For our first YouTube Design Review, we’re walking through a project with Mark D. Williams Custom Homes in Minnesota: Mysa Hus, a Scandinavian-inspired branded spec home centered on wellness, fitness, and health. The detached gym wasn’t meant to be “a room with equipment.” It needed to feel like an extension of the home—premium, functional, and flexible for future buyers we haven’t met yet.

Here’s how we approached the Mysa Hus detached wellness studio, what didn’t work in early layout concepts, and what made the final design flow like a true high-end wellness space.
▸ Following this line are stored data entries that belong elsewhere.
Lemma avg_blocks m j (g : Z2 -> R) : (j <= m)%nat ->
  avg m g = (/ 2) ^ m * sum_lt (2 ^ j) (fun r =>
              sum_lt (2 ^ (m - j)) (fun q => g (of_nat (r + 2 ^ j * q)))).
Proof.
  intros H. unfold avg. f_equal.
  replace (2 ^ m)%nat with (2 ^ j * 2 ^ (m - j))%nat
    by (rewrite <- Nat.pow_add_r; f_equal; lia).
  apply sum_lt_mul.
Qed.

(* Telescoping: [2 sin (x/2) cos (k x) = sin ((k+1) x - x/2) - sin (k x - x/2)],
   and similarly for [sin]. *)
Lemma sum_cos_sin_full_period N x m :
  sin (x / 2) <> 0 -> INR N * x = 2 * INR m * PI ->
  sum_lt N (fun k => cos (INR k * x)) = 0 /\ sum_lt N (fun k => sin (INR k * x)) = 0.
Proof.
  intros Hh HNx. set (h := x / 2).
  assert (Hend : forall F, F (- h + 2 * INR m * PI) = F (- h) ->
            sum_lt N (fun k => F (INR (S k) * x - h) - F (INR k * x - h)) = 0).
  { intros F HF. rewrite (sum_lt_telescope N (fun k => F (INR k * x - h))). simpl INR.
    replace (INR N * x - h) with (- h + 2 * INR m * PI) by lra.
    replace (0 * x - h) with (- h) by lra. rewrite HF. ring. }
  assert (Hshift : forall k, INR (S k) * x - h = INR k * x + h)
    by (intros; rewrite S_INR; unfold h; lra).
  split.
  - assert (E : sum_lt N (fun k => sin (INR (S k) * x - h) - sin (INR k * x - h))
                = 2 * sin h * sum_lt N (fun k => cos (INR k * x))).
    { rewrite <- sum_lt_scal_l. apply sum_lt_ext; intros k _.
      rewrite Hshift, sin_plus, sin_minus. ring. }
    rewrite Hend in E by apply sin_period.
    symmetry in E. apply Rmult_integral in E as [E|E]; [|auto]. unfold h in E. lra.
  - assert (E : sum_lt N (fun k => cos (INR (S k) * x - h) - cos (INR k * x - h))
                = -2 * sin h * sum_lt N (fun k => sin (INR k * x))).
    { rewrite <- sum_lt_scal_l. apply sum_lt_ext; intros k _.
      rewrite Hshift, cos_plus, cos_minus. ring. }
    rewrite Hend in E by apply cos_period.
    symmetry in E. apply Rmult_integral in E as [E|E]; [|auto]. unfold h in E. lra.
Qed.

Lemma sum_cos_sin_root_of_unity N m : (0 < m < N)%nat ->
  let x := 2 * PI * INR m / INR N in
  sum_lt N (fun k => cos (INR k * x)) = 0 /\ sum_lt N (fun k => sin (INR k * x)) = 0.
Proof.
  intros Hm x. pose proof PI_RGT_0.
  assert (0 < INR N) by (apply lt_0_INR; lia).
  assert (0 < INR m) by (apply lt_0_INR; lia).
  assert (INR m < INR N) by (apply lt_INR; lia).
  apply (sum_cos_sin_full_period N x m); [|unfold x; field; lra].
  apply Rgt_not_eq, sin_gt_0; unfold x.
  - apply Rdiv_lt_0_compat; [apply Rdiv_lt_0_compat|]; nra.
  - apply (Rmult_lt_reg_r (2 * INR N)); [lra|]. field_simplify; nra.
Qed.
(* the relators of G_{m,k} evaluated on b_1, ..., b_{m+k+1} (1-based) :
   [b_i, b_{i+1}] = 1 (1 <= i <= m) and
   b_{m+j+1}^{-1} b_j b_{m+j+1} = b_{m+j} (1 <= j <= k),
   with [x,y] = x^{-1} y^{-1} x y. *)
Definition Gmk_relations (m k : nat) (H : groupType) (b : nat -> H) : Prop :=
  (forall i : nat, (1 <= i <= m)%N ->
     ((b i)^-1 * (b i.+1)^-1 * b i * b i.+1)%g = 1%g) /\
  (forall j : nat, (1 <= j <= k)%N ->
     ((b (m + j + 1)%N)^-1 * b j * b (m + j + 1)%N)%g = b (m + j)%N).

Definition presents_Gmk (m k : nat) (G : groupType) (a : nat -> G) : Prop :=
  Gmk_relations m k a /\
  forall (H : groupType) (b : nat -> H), Gmk_relations m k b ->
    (exists f : G -> H, is_ghom f /\
        forall i, (1 <= i <= m + k + 1)%N -> f (a i) = b i) /\
    (forall f g : G -> H, is_ghom f -> is_ghom g ->
        (forall i, (1 <= i <= m + k + 1)%N -> f (a i) = g (a i)) ->
        forall u, f u = g u).

Definition free_basis_of (G : groupType) (N : G -> Prop) (n : nat)
    (x : 'I_n -> G) : Prop :=
  (forall i, N (x i)) /\
  forall (H : groupType) (b : 'I_n -> H),
    (exists f : G -> H, is_ghom_on N f /\ forall i, f (x i) = b i) /\
    (forall f g : G -> H, is_ghom_on N f -> is_ghom_on N g ->
        (forall i, f (x i) = g (x i)) -> forall u, N u -> f u = g u).
Lemma distr_on_mixture {S X} (enc : S -> nat) (enc_inj : forall x y, enc x = enc y -> x = y)
    (D : X -> Prop) (w : S -> R) (mu : S -> X -> R) :
  distr_on full w -> (forall j, distr_on D (mu j)) ->
  distr_on D (fun x => sumS enc (fun j => w j * mu j x)).
Proof.
  intros [Hw0 Hw1] Hmu.
  set (h := fun x j => w j * mu j x).
  assert (Hh : forall x j, D x -> full j -> 0 <= h x j)
    by (intros x j Hx _; apply Rmult_le_pos; [apply Hw0; exact I | apply Hmu; auto]).
  assert (Hpairs : is_sum_on (prod_on full D) (fun z => h (snd z) (fst z)) 1).
  { apply (sum_on_prod_of_rows full D (fun j x => h x j) (fun j x _ Hx => Hh x j Hx I)
             (fun j => w j * 1)).
    - intros j _. apply sum_on_scale; [apply Hw0; exact I | apply Hmu | apply Hmu].
    - apply sum_on_ext with w; [intros; ring | exact Hw1]. }
  apply (sum_on_prod_swap full D (fun j x => h x j)) in Hpairs.
  destruct (sum_on_rows_of_prod D full h Hh 1 Hpairs) as [g [Hg Hg1]].
  assert (E : forall x, D x -> sumS enc (h x) = g x).
  { intros x Hx. apply sumS_eq; auto. intros j _. apply Hh; auto. exact I. }
  split.
  - intros x Hx. change (0 <= sumS enc (h x)). rewrite E; auto. eapply sum_on_ge0, Hg; auto.
  - apply sum_on_ext with g; auto. intros x Hx. symmetry. apply E; auto.
Qed.

Lemma firstn_app_length {S} (a b : list S) : firstn (length a) (a ++ b) = a.
Proof. rewrite firstn_app, Nat.sub_diag, firstn_O, app_nil_r. apply firstn_all. Qed.

Lemma skipn_app_length {S} (a b : list S) : skipn (length a) (a ++ b) = b.
Proof. rewrite skipn_app, Nat.sub_diag, skipn_all. reflexivity. Qed.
1) Start With the Experience, Not the Equipment

The first thing that makes this studio work is how it connects to the property. The studio features wide 8-foot doors that open straight onto an entertaining patio with a pergola and a clear view of the pool. That indoor-outdoor connection instantly elevates the space. It feels integrated—like the wellness studio was always part of the architectural intent, not a secondary outbuilding.

Outside, the studio design includes a dedicated nook for a Chilo cold plunge, planned to be color-matched to the home’s exterior so it reads cohesive against the cedar and clean Scandinavian detailing. Nearby, the sauna is positioned so the flow supports a true contrast therapy loop—sauna to plunge to sauna—without awkward navigation or crossing through the main gym zone.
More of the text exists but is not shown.